Modeling Murine Gastric Metaplasia Through Tamoxifen-Induced Acute Parietal Cell Loss

Jose B Saenz, Joseph Burclaff, Jason C Mills
PMCID: PMC5221414  NIHMSID: NIHMS820411  PMID: 27246044

Abstract

Parietal cell loss represents the initial step in the sequential progression toward gastric adenocarcinoma. In the setting of chronic inflammation, the expansion of the mucosal response to parietal cell loss characterizes a crucial transition en route to gastric dysplasia. Here, we detail methods for using the selective estrogen receptor modulator tamoxifen as a novel tool to rapidly and reversibly induce parietal cell loss in mice in order to study the mechanisms that underlie these pre-neoplastic events.
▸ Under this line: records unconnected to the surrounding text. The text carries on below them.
Lemma corners_Dg a x b y d1 d2 : e1 a x -> e2 b y ->
  Dg a x b y = [set d1; d2] ->
  corners a x b y = [set d1; d2; (d1.1, d2.2); (d2.1, d1.2)].
Proof.
move=> h1 h2; rewrite /corners.
case: (DgP h1 h2) => -> /set2_eq.
  rewrite xpair_eqE e1_neq // => /(_ isT) [[<- <-]|[<- <-]]; set_eq_dec.
rewrite xpair_eqE e1_neq // => /(_ isT) [[<- <-]|[<- <-]]; set_eq_dec.
Qed.

Lemma tri_ofP a x b y s : tri_of e1 e2 Dg a x b y s ->
  [/\ e1 a x, e2 b y & exists d1 d2 c, [/\ Dg a x b y = [set d1; d2], cross d1 d2,
     c \in [set (d1.1, d2.2); (d2.1, d1.2)] & s = c |: [set d1; d2]]].
Proof.
case/and3P => h1 h2 /existsP [c /andP [cc /andP [cnD /eqP ->]]].
split => //; case: (Dg_cross h1 h2) => d1 [d2 [HD Hc]].
exists d1, d2, c; split => //; last by rewrite HD.
move: cc cnD; rewrite (corners_Dg h1 h2 HD) HD !inE.
by case: (c == d1); case: (c == d2).
Qed.

Lemma tri_of_cross a x b y d1 d2 c : e1 a x -> e2 b y -> Dg a x b y = [set d1; d2] ->
  cross d1 d2 -> c \in [set (d1.1, d2.2); (d2.1, d1.2)] ->
  tri_of e1 e2 Dg a x b y (c |: [set d1; d2]).
Proof.
move=> h1 h2 HD cr hc; apply/and3P; split => //; apply/existsP; exists c.
rewrite (corners_Dg h1 h2 HD) HD eqxx andbT.
move: cr hc {HD}; case: d1 => [p q]; case: d2 => [p' q'] /andP [/= n1 n2].
have n1' := n1; have n2' := n2; rewrite eq_sym in n1'; rewrite eq_sym in n2'.
rewrite !inE => /orP[]/eqP->; rewrite ?inE !xpair_eqE /= !eqxx
  ?(negbTE n1) ?(negbTE n2) ?(negbTE n1') ?(negbTE n2') /= ?orbT ?andbF //.
Qed.
Variable P : 'M[int]_2 -> Prop.
Hypothesis P_upmx : forall j, P (upmx j).
Hypothesis P_lowmx : forall j, P (lowmx j).
Hypothesis PM : forall A B, P A -> P B -> P (A *m B).

Let P1 : P 1%:M.
Proof. by rewrite -upmx0. Qed.

Let P_rot : P (mx2 0 (-1) 1 0).
Proof.
have -> : mx2 0 (-1) 1 0 = upmx (-1) *m lowmx 1 *m upmx (-1).
  by rewrite !mx2_mul; congr mx2; ring.
by apply: PM; [apply: PM|].
Qed.

Lemma mx2_triangular N a b c d : (`|c| <= N)%N ->
  exists E u b' v, [/\ P E, \det E = 1 & mx2 a b c d = E *m mx2 u b' 0 v].
Proof.
elim: N a b c d => [|N IHN] a b c d le_cN; have [-> | c_neq0] := eqVneq c 0;
  try by exists 1%:M, a, b, d; rewrite det1 mul1mx.
  by move: le_cN; rewrite leqn0 absz_eq0 (negPf c_neq0).
have lt_r_c : (`|- (a %% c)%Z| < `|c|)%N.
  by rewrite abszN -ltz_nat gez0_abs ?modz_ge0 // abszE ltz_mod.
have [E [u [b' [v [PE detE defA']]]]] :=
  IHN c d (- (a %% c)%Z) ((a %/ c)%Z * d - b) (leq_trans lt_r_c le_cN).
exists (upmx (a %/ c)%Z *m mx2 0 (-1) 1 0 *m E), u, b', v; split.
- by apply: PM => //; apply: PM.
- by rewrite !det_mulmx det_upmx detE det_mx2; ring.
rewrite -mulmxA -defA' {1}(divz_eq a c) !mx2_mul; congr mx2; ring.
Qed.

Lemma SL2_mod_ind m : (forall A B, congr_mx m A B -> P A -> P B) ->
  forall A, (m %| \det A - 1)%Z -> P A.
Proof.
move=> P_congr A; rewrite [A]mx2E.
have [E [u [b [v [PE detE ->]]]]] :=
  @mx2_triangular _ (A 0 0) (A 0 1) (A 1 0) (A 1 1) (leqnn _).
rewrite det_mulmx detE mul1r det_mx2 mulr0 subr0 => uv1; apply: PM PE _.
apply: (P_congr (upmx u *m lowmx (- v) *m upmx u *m mx2 0 (-1) 1 0 *m upmx (v * b))).
  have uv1M K : (m %| (u * v - 1) * K)%Z by apply: dvdz_mulr.
  rewrite /upmx /lowmx !mx2_mul; apply: congr_mx2.
  - by rewrite (_ : _ - _ = (u * v - 1) * (- u)) //; ring.
  - by rewrite (_ : _ - _ = (u * v - 1) * (1 - b * (u * v - 1))) //; ring.
  - by rewrite (_ : _ - _ = (u * v - 1) * (- 1)) //; ring.
  - by rewrite (_ : _ - _ = (u * v - 1) * (- (v * b))) //; ring.
by repeat apply: PM.
Qed.

End ElementaryGeneration.

Lemma crt_multiple (w q r : nat) (s : int) : (0 < q)%N -> coprime (w * r) q ->
  exists k : nat, (r %| k)%N /\ (q %| (w * k)%N%:Z - s)%Z.
Proof.
move=> q_gt0 wrq.
have /coprimezP[[u v] /= Bezout] : coprimez (w * r)%N q by rewrite coprimezE.
pose t := ((u * s) %% q)%Z; have t_ge0 : 0 <= t by rewrite modz_ge0 // eqz_nat -lt0n.
exists (r * `|t|)%N; split; first exact: dvdn_mulr.
have -> : (w * (r * `|t|))%N%:Z - s = (w * r)%N%:Z * (t - u * s) - s * v * q%:Z.
  by rewrite -[s in LHS]mul1r -Bezout !PoszM gez0_abs //; ring.
apply: rpredB; last exact/dvdz_mull/dvdzz.
apply/dvdz_mull/dvdzP; exists (- ((u * s) %/ q)%Z).
by rewrite [in X in _ - X](divz_eq (u * s) q); ring.
Qed.

Definition congr_compat (E : int -> 'M[int]_2) :=
  forall (m : nat) a b, (m %| a - b)%Z -> congr_mx m (E a) (E b).

Lemma congr_compat_upmx : congr_compat upmx.
Proof. exact: congr_upmx. Qed.

Lemma congr_compat_lowmx : congr_compat lowmx.
Proof. exact: congr_lowmx. Qed.

Lemma congr_compat_conj E P Q : congr_compat E -> congr_compat (fun j => P *m E j *m Q).
Proof.
move=> E_compat m a b ab.
by apply: congr_mxM; [apply: congr_mxM; [exact: congr_mx_refl | exact: E_compat] |
  exact: congr_mx_refl].
Qed.

Section Reached.

Variable Gamma : 'M[int]_2 -> Prop.
Hypothesis Gamma1 : Gamma 1%:M.
Hypothesis GammaM : forall A B, Gamma A -> Gamma B -> Gamma (A *m B).

Definition reached m B := exists2 A, Gamma A & congr_mx m A B.

Lemma reached_congr m A B : congr_mx m A B -> reached m A -> reached m B.
Proof. by move=> AB [A' GA' A'A]; exists A' => //; apply: congr_mx_trans AB. Qed.

Lemma reachedM m A B : reached m A -> reached m B -> reached m (A *m B).
Proof. by move=> [A' ? ?] [B' ? ?]; exists (A' *m B'); [apply: GammaM | apply: congr_mxM]. Qed.

Lemma reached_of_generator m E : (0 < m)%N -> congr_compat E -> E 0 = 1%:M ->
  {morph E : a b / a + b >-> a *m b} -> reached m (E 1) -> forall j, reached m (E j).
Proof.
move=> m_gt0 E_compat E0 ED E1 j.
have E_nat k : reached m (E k%:Z).
  elim: k => [|k IHk]; first by rewrite E0; exists 1%:M; last exact: congr_mx_refl.
  by rewrite intS ED; apply: reachedM.
apply: reached_congr (E_nat `|(j %% m)%Z|%N); apply: E_compat.
have m_neq0 : m%:Z != 0 by rewrite eqz_nat -lt0n.
rewrite gez0_abs ?modz_ge0 //; apply/dvdzP; exists (- (j %/ m)%Z).
by rewrite [in X in _ - X](divz_eq j m); ring.
Qed.

Lemma reached_SL2 m : (0 < m)%N -> reached m (upmx 1) -> reached m (lowmx 1) ->
  forall A, (m %| \det A - 1)%Z -> reached m A.
Proof.
move=> m_gt0 U1 L1; apply: SL2_mod_ind; [| |exact: reachedM|exact: reached_congr].
- exact: reached_of_generator congr_compat_upmx upmx0 upmxD U1.
- exact: reached_of_generator congr_compat_lowmx lowmx0 lowmxD L1.
Qed.

Lemma totally_non_congruence_reached :
  (forall m, (1 < m)%N -> reached m (upmx 1) /\ reached m (lowmx 1)) ->
  totally_non_congruence Gamma.
Proof.
move=> reached_gens; split; first by exists 1%:M.
move=> m m_gt1 B detB; have [A <- detA] := red_mx_lift m_gt1 detB.
have [U1 L1] := reached_gens m m_gt1.
have [A' GA' A'A] := reached_SL2 (ltnW m_gt1) U1 L1 detA.
by exists A'; split; last exact: red_mx_congr.
Qed.
(* Let $X$ be a Banach space and let $R:\Omega\to L(X)$ be a pseudo-resolvent which satisfies condition $\mathbf{(G_{k_0})}$ for some integer $k_0\ge1$. Then $$\ker R(\mu)^{k+1}=\ker R(\mu)^{k_0}\quad\text{and}\quad\overline{{\rm ran}\,R(\mu)^{k+1}}=\overline{{\rm ran}\,R(\mu)^{k_0}}$$ for all $\mu\in\Omega$ and all $k\ge k_0$.
   Context: Let $\Omega\subset\mathbb{C}$ be open. A map $R:\Omega\to L(X)$ is a pseudo-resolvent if $\frac{R(\lambda)-R(\mu)}{\mu-\lambda}=R(\lambda)R(\mu)$ for all $\lambda,\mu\in\Omega$ with $\lambda\neq\mu$. Condition $\mathbf{(G_k)}$ (for an integer $k\ge1$): there exist $M>0$ and a sequence $(\lambda_n)_{n\ge1}$ in $\Omega\cap\mathbb{R}$ with $\lambda_n\to\infty$ and $\|\lambda_n^{2-k}R(\lambda_n)\|\le M$ for all $n\ge1$. *)

(* Complex Banach space = CompleteNormedModule C_AbsRing. *)
From Stdlib Require Import Reals.
From Coquelicot Require Import Coquelicot.
Open Scope R_scope.

Section Defs.
Context {X : CompleteNormedModule C_AbsRing}.

Definition is_bounded_linear (T : X -> X) : Prop :=
  (forall x y : X, T (plus x y) = plus (T x) (T y)) /\
  (forall (a : C) (x : X), T (scal a x) = scal a (T x)) /\
  (exists c : R, forall x : X, norm (T x) <= c * norm x).

Definition pseudo_resolvent (Omega : C -> Prop) (Rf : C -> X -> X) : Prop :=
  (forall l : C, Omega l -> is_bounded_linear (Rf l)) /\
  (forall l m : C, Omega l -> Omega m -> l <> m ->
     forall x : X,
       scal (Cinv (Cminus m l)) (minus (Rf l x) (Rf m x)) = Rf l (Rf m x)).

(* Condition (G_k): there exist M > 0 and real λ_n ∈ Ω with λ_n -> +oo and
   ||λ_n^(2-k) R(λ_n)|| <= M (operator norm bound written pointwise). *)
Definition cond_G (Omega : C -> Prop) (Rf : C -> X -> X) (k : nat) : Prop :=
  exists (M : R) (lam : nat -> R),
    0 < M /\
    (forall n, Omega (RtoC (lam n))) /\
    (forall n, 0 < lam n) /\
    is_lim_seq lam p_infty /\
    (forall n (x : X),
       norm (scal (RtoC (powerRZ (lam n) (2 - Z.of_nat k)%Z)) (Rf (RtoC (lam n)) x))
         <= M * norm x).

Definition op_pow (T : X -> X) (n : nat) : X -> X := fun x => Nat.iter n T x.

Definition op_ker (T : X -> X) : X -> Prop := fun x => T x = zero.
Definition op_ran (T : X -> X) : X -> Prop := fun y => exists x, T x = y.

Definition nclosure (A : X -> Prop) : X -> Prop :=
  fun x => forall eps : R, 0 < eps -> exists y, A y /\ norm (minus x y) < eps.

End Defs.

From Stdlib Require Import Reals Lra Lia.
From Coquelicot Require Import Coquelicot.
Open Scope R_scope.

(* Write T = R(mu) and Q = R(lam).  The resolvent identity Q = T + (mu - lam) T Q,
   applied under T^j, gives T^(j+1) Q x = (T^j Q x - T^(j+1) x) / (mu - lam).  Since
   ||Q|| = O(lam^(k0-2)) along the sequence of (G_k0) and |mu - lam| >= lam/2, k0-1
   such steps give T^(k0-1) Q x = O(1/lam).  Hence for m >= k0,
   T^m x + (mu - lam) T^m Q x -> 0.  The second term lies in ran T^(m+1) and vanishes
   when T^(m+1) x = 0, so ker T^(m+1) = ker T^m and T^m x lies in the closure of
   ran T^(m+1): both chains are stationary from k0 on. *)

(* [a j] stands for ||T^j Q x|| and [b j] for ||T^j x||; the recursion of [pow_bound]
   absorbs one factor lam per step, from lam * a (S j) <= 2 (a j + b (S j)). *)
Fixpoint pow_bound (K0 : R) (b : nat -> R) (j : nat) : R :=
  match j with
  | O => K0
  | S i => 2 * (pow_bound K0 b i + b (S i))
  end.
Keywords: Tamoxifen, Parietal cell loss, Metaplasia, Oxyntic atrophy, Spasmolytic polypeptide-expressing metaplasia (SPEM)

1 Introduction

Gastric adenocarcinoma remains one of the leading causes of cancer-related deaths worldwide [1]. The sequence of events leading to the development of gastric dysplasia and neoplasia begins with the loss of acid-secreting parietal cells, a process known as oxyntic atrophy, followed by the expansion of pre-neoplastic changes in the setting of chronic inflammation [2]. The early mucosal response to oxyntic atrophy includes reorganization of the gastric unit, characterized initially by an increased proliferation of gastric progenitor cells and the reprogramming of post-mitotic chief cells at the base of the gastric gland into a proliferating population of metaplastic cells [3]. Overall, the pattern of gastric unit reorganization that characterizes the response to oxyntic atrophy is known as spasmolytic polypeptide-expressing metaplasia (SPEM), as the metaplastic chief cells express spasmolytic polypeptide (also known as trefoil factor family 2; TFF2). SPEM can either be a transient alteration in the gastric landscape, followed by repair and restoration of normal architecture, or it can represent a crucial pre-neoplastic event en route to gastric dysplasia in the setting of chronic inflammation. The study of the mechanisms underlying the development and evolution of SPEM has been accelerated by recently developed tools [46] which rapidly induce SPEM in animal models of gastric dysplasia. Here, we describe the discovery and use of the selective estrogen receptor modulator, tamoxifen, as a model for studying SPEM.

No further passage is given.